ここでは自動火災報知設備 ( 以下では自火報 ) の仕組みについて基礎的なことを説明します。

自火報についてまったく知らない警備員を対象にしています。

作動説明を簡単にするために、機器を省略したり代表的な機器に他の機器の機能を含めたりしています。

システムは学校などの小規模建物に使われる次のようなものを取り上げました。
スプリンクラーは参考です。

・受信機/P型1級
・中継器/なし
・発信機/P型1級
・屋内消火栓/1号
・スプリンクラー/湿式
・防火シャッター/受信機の制御なし

受信機の機能については日信防災・BFAP128A /能美・FAP128Aのものを取り上げています。
同じP型1級であっても各種機能は同じではありませんのでご注意ください。


また、消防法など法的規制・基準については言及していません。

以上のような内容なので、消防関係の資格取得については役に立ちません。

なお、これはSPnetの教育資料です。内容の正確性は保証しません。
あくまで参考資料としてください。


※参考文献
・絵とぎ-消防設備のしくみ ・ 第1版第1刷 ・オーム社出版局
・消防設備アタック講座上下・5訂版 ・ 高木任之著 ・ 近代消防社
・個々の画像は消防設備メーカーサイトより拝借しました。



1.自火報設備の仕組み


a.感知器が知らせ、受信機が教える


・感知器は自動スイッチ ( 図のB2・B3 )

感知器は異常な熱・煙・炎を感じるとスイッチが入るようになっています。
感知器のスイッチが入ると電流が流れ、受信機へ知らせます。
感知器の仕組み


・発信機は手動スイッチ ( 図のB1 )

一般に非常ベルと呼ばれているものです。
これは異常を発見した人がスイッチを押して受信機に知らせます。


・受信機のすること その 1

受信機が感知器・発信機から知らせを受ける ( ①) と次のことをします。、

・受信機のベル ( A1/主ベル ) を鳴らす。
・どこの区域からの通報か表示する ( A2/地区窓 )。
・発信機が押された場合はそのことを表示する。
・その地区のベル ( C1/地区ベル ) を鳴らす。

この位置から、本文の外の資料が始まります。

Lemma canon_orient t : 0 < k -> 0 < t -> 0 <= gram51 t -> 0 <= gram12 t -> 0 <= gram54 ->
  let C := canon_pent t in
  orient (A5 C) (A1 C) (A3 C) = s51 t /\
  orient (A1 C) (A2 C) (A3 C) = s12 t /\
  orient (A3 C) (A4 C) (A5 C) = s54 /\
  orient (A2 C) (A3 C) (A5 C) = o235 t / t /\
  orient (A1 C) (A2 C) (A5 C) = o125 t / t /\
  orient (A4 C) (A5 C) (A1 C) = o451 t / k ^ 2 /\
  orient (A2 C) (A3 C) (A4 C) = o234 t / (k ^ 2 * t).
Proof.
intros Hk Ht H1 H2 H3.
unfold canon_pent, orient, o234, o235, o125, o451; cbn [fst snd A1 A2 A3 A4 A5].
expand_grams t H1 H2 H3.
repeat split; [alg_eq; lra ..| field; lra].
Qed.

Lemma canon_convex_pos t : 0 < k -> 0 < t -> convex_ccw (canon_pent t) ->
  0 < gram51 t /\ 0 < gram12 t /\ 0 < gram54 /\
  0 < o235 t /\ 0 < o125 t /\ 0 < o451 t /\ 0 < o234 t.
Proof.
intros Hk Ht Hc.
set (C := canon_pent t).
assert (O1 : 0 < orient (A5 C) (A1 C) (A3 C)) by exact (Hc 5%nat 3%nat ltac:(lia) ltac:(lia)).
assert (O2 : 0 < orient (A1 C) (A2 C) (A3 C)) by exact (Hc 1%nat 2%nat ltac:(lia) ltac:(lia)).
assert (O3 : 0 < orient (A3 C) (A4 C) (A5 C)) by exact (Hc 3%nat 2%nat ltac:(lia) ltac:(lia)).
assert (O4 : 0 < orient (A2 C) (A3 C) (A5 C)) by exact (Hc 2%nat 3%nat ltac:(lia) ltac:(lia)).
assert (O5 : 0 < orient (A1 C) (A2 C) (A5 C)) by exact (Hc 1%nat 4%nat ltac:(lia) ltac:(lia)).
assert (O6 : 0 < orient (A4 C) (A5 C) (A1 C)) by exact (Hc 4%nat 2%nat ltac:(lia) ltac:(lia)).
assert (O7 : 0 < orient (A2 C) (A3 C) (A4 C)) by exact (Hc 2%nat 2%nat ltac:(lia) ltac:(lia)).
assert (G1 : 0 < gram51 t).
{ apply sqrt_pos_inv. fold (s51 t). replace (s51 t) with (orient (A5 C) (A1 C) (A3 C)); auto.
  unfold C, orient, canon_pent; cbn [fst snd A1 A2 A3 A4 A5]. field; lra. }
assert (G3 : 0 < gram54).
{ apply sqrt_pos_inv. fold s54. replace s54 with (orient (A3 C) (A4 C) (A5 C)); auto.
  unfold C, orient, canon_pent; cbn [fst snd A1 A2 A3 A4 A5]. field; lra. }
assert (G2 : 0 < gram12 t).
{ apply sqrt_pos_inv. fold (s12 t). replace (s12 t) with (orient (A1 C) (A2 C) (A3 C)); auto.
  pose proof (s51_sq t ltac:(lra)) as Q1. unfold gram51 in Q1.
  unfold C, orient, canon_pent; cbn [fst snd A1 A2 A3 A4 A5].
  apply Rmult_eq_reg_r with (k ^ 2 * t);
    [|apply Rmult_integral_contrapositive; split; try apply pow_nonzero; lra].
  transitivity (s12 t * (c51 t ^ 2 + s51 t ^ 2)); [field; lra|]. rewrite Q1. field. }
destruct (canon_orient t Hk Ht ltac:(lra) ltac:(lra) ltac:(lra))
  as (_ & _ & _ & E4 & E5 & E6 & E7).
fold C in E4, E5, E6, E7. rewrite E4 in O4. rewrite E5 in O5. rewrite E6 in O6. rewrite E7 in O7.
assert (Hk2 : 0 < k ^ 2) by (apply pow_lt; lra).
assert (Hk2t : 0 < k ^ 2 * t) by (apply Rmult_lt_0_compat; lra).
repeat split; auto.
- exact (pos_of_div_pos _ _ Ht O4).
- exact (pos_of_div_pos _ _ Ht O5).
- exact (pos_of_div_pos _ _ Hk2 O6).
- exact (pos_of_div_pos _ _ Hk2t O7).
Qed.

( ③ )

受信機はこのようにして、「どこで異常が発生したのか」を教えます。

ただ、受信機は教えるだけです。目覚まし時計と同じです。
現場に行って、異常の有無を調べたり消火活動や消防連絡をしたりするのは人間です。


b.消火栓連動


・受信機のすること その 2 - 教えるだけでなく準備する

受信機が発信機からの異常信号を受けると、ポンプのスイッチを入れて「消火栓がいつでも使えるよう」にします。( ②・④・⑤ )
これで消火栓 ( C4 ) はいつでも使える状態になり、バルブを開けば放水することができます。

受信機がポンプを起動させるのは発信機が押された場合です。
感知器の異常信号ではポンプを起動させません。

感知器の発報で現場に向かい火災であった場合は、発信機のボタンを押してポンプを起動しなければなりません。

※上図では「感知器の異常信号を受けてもポンプが起動する」ように思えますので注意してください。


・発信機と地区ベルと消火栓はワンセット

通常、B1発信機,C1地区ベル,C4消火栓は一つになっています。

  右側のボタンが発信機です。
 これを押すと、受信機がポンプのスイッチを入れ、ランプが点滅して「消火栓準備OK」を知らせます。
 地区ベルは左端にあります。

このタイプの消火栓を使用するには二人必要です。
一人は、ホースを 引き出して火災地点に走り、放水銃を構えます。
もう一人が、消火栓のところにあるコックを開きます。

 ホースを伸ばしながら放水して火災地点に行けるタイプもあります。
※2号消火栓/1号消火栓より少しパワーが低い。
簡易操作1号消火栓/1号消火栓と同じパワー 

・その他の協力

高性能な受信機ほどいろいろな協力機能を持っています。

受信機がどのような協力機能を持っているのか、どのような付属設備をに連動しているのかを知っておく必要があります。


c.独断行動の防火シャッター


・教えても、人間が対処してくれなければ意味がない

煙感知器が異常を感知し受信機に知らせて受信機が異常を教えても、そこに人がいないかも知れません。
受信機が故障して異常を教えないかもしれません。
受信機の近くに人がいても、対処が遅れるかもしれません。

重要な防火設備は受信機を経由せず、独断で即座に作動します。
受信機への連絡は事後報告です。

防火シャッターやスプリンクラーがそれです。

防火シャッターなら、
感知器 ( B3 ) が異常を感知→受信機に知らせる ( ① ) と同時に連動制御器 ( D1 ) に知らせる→連動制御器の命令でシャッターが降りる。( ⑥・⑦)


d.警戒区域とは回線とは


・警戒区域

通常、一つの区域に発信機、地区ベル,消火栓,各種感知器,防火シャッターが設置されます。

たとえば、4階建てのビルの場合、地区を1F西側,1F東側,2F西側,2F東側,3F西側,3F東側,4F西側,4F東側の 8地区に分けます。

そして、1F西側の各部屋に感知器、1F西階段に防火シャッター,1F西側通路に発信機・地区ベル・消火栓を設置します。

他の 7地区にも同様の設置をします。

これらの地区を警戒区域といいます。
このビルの場合、警戒区域は8個となります。

図のピンク枠が一つの警戒区域です。


・回線

一つの警戒区域から受信機に一本の電線が引かれます。

上の例では警戒区域が8個ですから受信機へ8本の電線が引かれます。

一つの警戒区域と受信機で一つの回線が出来上がることになります。

そこで、警戒区域のことを回線とも言います。


警戒区域 ( 回線 ) 内の感知器や発信機からの異常信号はこの電線を伝って受信機に送られます。

だから、受信機は「どの区域 ( 回線 ) からの異常信号か」 は分かりますが、「 どの感知器からの異常信号か」は分かりません。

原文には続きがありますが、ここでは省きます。